No access to this register has been observed.

It appears to be read-only. The power-up state appears to be 0.

REG_0x1080 (+0x1080)

No access to this register has been observed.

This register appears to be 5 bit wide. It is readable/writable.

REG_0x1084 (+0x1084)

No access to this register has been observed.

This register appears to be 7 bit wide. It is readable/writable.

(+0x1088)

No access to this register has been observed.

It appears to be read-only. The power-up state appears to be 0.

REG_0x108c (+0x108c)

No access to this register has been observed.

This register appears to be 32 bit wide. It is readable/writable.

REG_0x1090 (+0x1090)

No access to this register has been observed.
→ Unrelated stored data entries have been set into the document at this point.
(* Let $(X,\mathcal A,\mathfrak m)$ be a probability space. Then $\|\cdot\|_{0^+}$ and $\|\cdot\|_{0^-}$ are hyperbolic norms on ${\sf L}(X)$, and $$\int fg\,d\mathfrak m\ge\|f\|_{0^+}\|g\|_{0^-}\qquad\forall f,g\in{\sf L}(X),$$ $$\|f\|_{0^\pm}=\inf\Big\{\int fg\,d\mathfrak m:\ g\in{\sf L}(X),\ \|g\|_{0^\mp}\ge1\Big\}\qquad\forall f\in{\sf L}(X),$$ $$\|f\|_{0^\pm}=\frac{1}{\|1/f\|_{0^\mp}}\qquad\forall f\in{\sf L}(X).$$
   Context: ${\sf L}(X)$ is the set of $\mathcal A$-measurable functions $X\to[0,+\infty]$ modulo $\mathfrak m$-a.e. equality, with pointwise sum and multiplication by nonnegative scalars (a prewedge). Conventions: $0\cdot(+\infty)=0$, $\log 0=-\infty$, $\log(+\infty)=+\infty$, $\exp(-\infty)=0$, $\exp(+\infty)=+\infty$, $1/0=+\infty$, $1/(+\infty)=0$. For measurable $\varphi:X\to[-\infty,+\infty]$, $\int\varphi\,d\mathfrak m$ is well defined when at most one of $\int\varphi^+d\mathfrak m$, $\int\varphi^-d\mathfrak m$ is $+\infty$; $\int_+\varphi\,d\mathfrak m$ equals $\int\varphi\,d\mathfrak m$ if well defined and $+\infty$ otherwise, $\int_-\varphi\,d\mathfrak m$ equals $\int\varphi\,d\mathfrak m$ if well defined and $-\infty$ otherwise. Define $\|f\|_{0^+}:=\exp(\int_+\log f\,d\mathfrak m)$ and $\|f\|_{0^-}:=\exp(\int_-\log f\,d\mathfrak m)$. A hyperbolic norm on a prewedge $W$ is a map ${\sf hn}:W\to[0,\infty]$ with ${\sf hn}(0)=0$ and ${\sf hn}(\lambda_1v_1+\lambda_2v_2)\ge\lambda_1{\sf hn}(v_1)+\lambda_2{\sf hn}(v_2)$ for all $\lambda_i\in[0,\infty)$. *)

From HB Require Import structures.
From mathcomp Require Import all_boot all_order all_algebra.
From mathcomp Require Import all_classical all_reals all_analysis.
From mathcomp Require Import measurable_realfun.
Set Implicit Arguments. Unset Strict Implicit. Unset Printing Implicit Defensive.
Import Order.TTheory GRing.Theory Num.Theory.
Local Open Scope classical_set_scope.
Local Open Scope ring_scope.
Local Open Scope ereal_scope.

Section Defs.
Context {d : measure_display} {T : measurableType d} {R : realType}.
Variable mu : {measure set T -> \bar R}.

(* representatives of elements of L(X): measurable functions X -> [0,+oo] *)
Definition Lset : set (T -> \bar R) :=
  [set f : T -> \bar R | measurable_fun setT f /\ forall x, 0 <= f x].

Definition ae_eq (f g : T -> \bar R) : Prop := {ae mu, forall x, f x = g x}.

(* prewedge operations: pointwise sum and nonnegative scalar multiple
   (with 0 * (+oo) = 0, which is MathComp's convention) *)
Definition Ladd (f g : T -> \bar R) : T -> \bar R := fun x => f x + g x.
Definition Lscale (l : R) (f : T -> \bar R) : T -> \bar R := fun x => l%:E * f x.
Definition Lzero : T -> \bar R := fun _ => 0.

Definition is_hyperbolic_norm (hn : (T -> \bar R) -> \bar R) : Prop :=
  [/\ (forall f g, Lset f -> Lset g -> ae_eq f g -> hn f = hn g),
      (forall f, Lset f -> 0 <= hn f),
      hn Lzero = 0 &
      (forall (l1 l2 : R) f1 f2, (0 <= l1)%R -> (0 <= l2)%R -> Lset f1 -> Lset f2 ->
         hn (Ladd (Lscale l1 f1) (Lscale l2 f2)) >= l1%:E * hn f1 + l2%:E * hn f2)].

Definition int_plus (phi : T -> \bar R) : \bar R :=
  if (\int[mu]_x (phi^\+ x) == +oo) && (\int[mu]_x (phi^\- x) == +oo)
  then +oo else \int[mu]_x phi x.
Definition int_minus (phi : T -> \bar R) : \bar R :=
  if (\int[mu]_x (phi^\+ x) == +oo) && (\int[mu]_x (phi^\- x) == +oo)
  then -oo else \int[mu]_x phi x.

(* log 0 = -oo, log +oo = +oo (lne); exp -oo = 0, exp +oo = +oo (expeR) *)
Definition norm0p (f : T -> \bar R) : \bar R := expeR (int_plus (fun x => lne (f x))).
Definition norm0m (f : T -> \bar R) : \bar R := expeR (int_minus (fun x => lne (f x))).

End Defs.

Definition einv {R : realType} (x : \bar R) : \bar R :=
  match x with
  | r%:E => if r == 0%R then +oo else (r^-1)%:E
  | +oo => 0
  | -oo => 0
  end.

From HB Require Import structures.
From mathcomp Require Import all_boot all_order all_algebra.
From mathcomp Require Import all_classical all_reals all_analysis.
From mathcomp Require Import measurable_realfun.
From mathcomp Require Import lra.
Import Order.TTheory GRing.Theory Num.Theory.
Local Open Scope classical_set_scope.
Local Open Scope ereal_scope.

(** The geometric means are exponentials of integrals of [ln f], taken with
    opposite conventions for [+oo - +oo]; inverting [f] negates [ln f] and
    swaps the two conventions, which gives the reciprocal formulas.  Jensen's
    inequality for [ln] on a probability space gives
    [||f||_0+ * ||g||_0- <= exp (int ln (f g)) <= int f g], and [g := c / f]
    with [c] slightly above the norm of [f] shows that this bound is attained
    in the infimum.  Being infima of the linear functionals [f |-> int f g],
    both norms are superlinear. *)

Section ereal_log.
Context {R : realType}.
Implicit Types (x y a b : \bar R).

Lemma einv_ge0 x : 0 <= x -> 0 <= einv x.
Proof.
case: x => [r||] //=; rewrite lee_fin => r0; case: ifPn => // _.
by rewrite lee_fin invr_ge0.
Qed.

Lemma einvK x : 0 <= x -> einv (einv x) = x.
Proof.
case: x => [r||] //=; last by rewrite eqxx.
rewrite lee_fin => r0; have [->|rn0] := eqVneq r 0%R; first by [].
by rewrite /= invr_eq0 (negbTE rn0) invrK.
Qed.

Lemma lne_einv x : 0 <= x -> lne (einv x) = - lne x.
Proof.
case: x => [r||] //=; last by rewrite lexx.
rewrite lee_fin => r0; have [->|rn0] := eqVneq r 0%R; first by rewrite lexx.
have r0' : (0 < r)%R by rewrite lt_neqAle eq_sym rn0.
by rewrite /= !leNgt invr_gt0 r0' /= lnV ?posrE.
Qed.

Lemma expeRN y : expeR (- y) = einv (expeR y).
Proof. by case: y => [r||] //=; rewrite ?eqxx // gt_eqF ?expR_gt0 // expRN. Qed.

Lemma einv_expeR x : 0 <= x -> einv x = expeR (- lne x).
Proof.
by move=> x0; rewrite -lne_einv // lneK // in_itv /= leey andbT einv_ge0.
Qed.

Lemma ge0_lneM x y : 0 <= x -> 0 <= y -> lne (x * y) = lne x + lne y.
Proof.
rewrite le_eqVlt => /predU1P[<-|x0]; first by rewrite mul0e le0_lneNy.
rewrite le_eqVlt => /predU1P[<-|y0]; first by rewrite mule0 le0_lneNy // addeNy.
by rewrite lneM // in_itv /= leey andbT.
Qed.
This register appears to be 8 bit wide. It is readable/writable.

(+0x1094-0x10df)

No access to this register has been observed.

It appears to be read-only. The power-up state appears to be 0.

SHIKINO_VERSION_MAGIC0 (+0x10e0)

SHIKINO_VERSION_MAGIC1 (+0x10e4)

SHIKINO_VERSION_MAGIC2 (+0x10e8)

SHIKINO_VERSION_MAGIC3 (+0x10ec)

SHIKINO_VERSION_MAGIC4 (+0x10f0)

Contains ASCII text 'SHIKINO KJN-7GI 0001'

(+0x10f4-0x10ff)

No access to this register has been observed.

It appears to be read-only. The power-up state appears to be 0.

QTBL (+0x1100-0x11ff)

Quantization tables. The exact layout is not understood yet (zigzag or not?)

(+0x1200-0x1fff)

No access to this register has been observed.

RSTLOG (+0x2000-0x2fff)

RST log. The details of this are not understood yet.

(+0x3000-0x3fff)

No access to this register has been observed.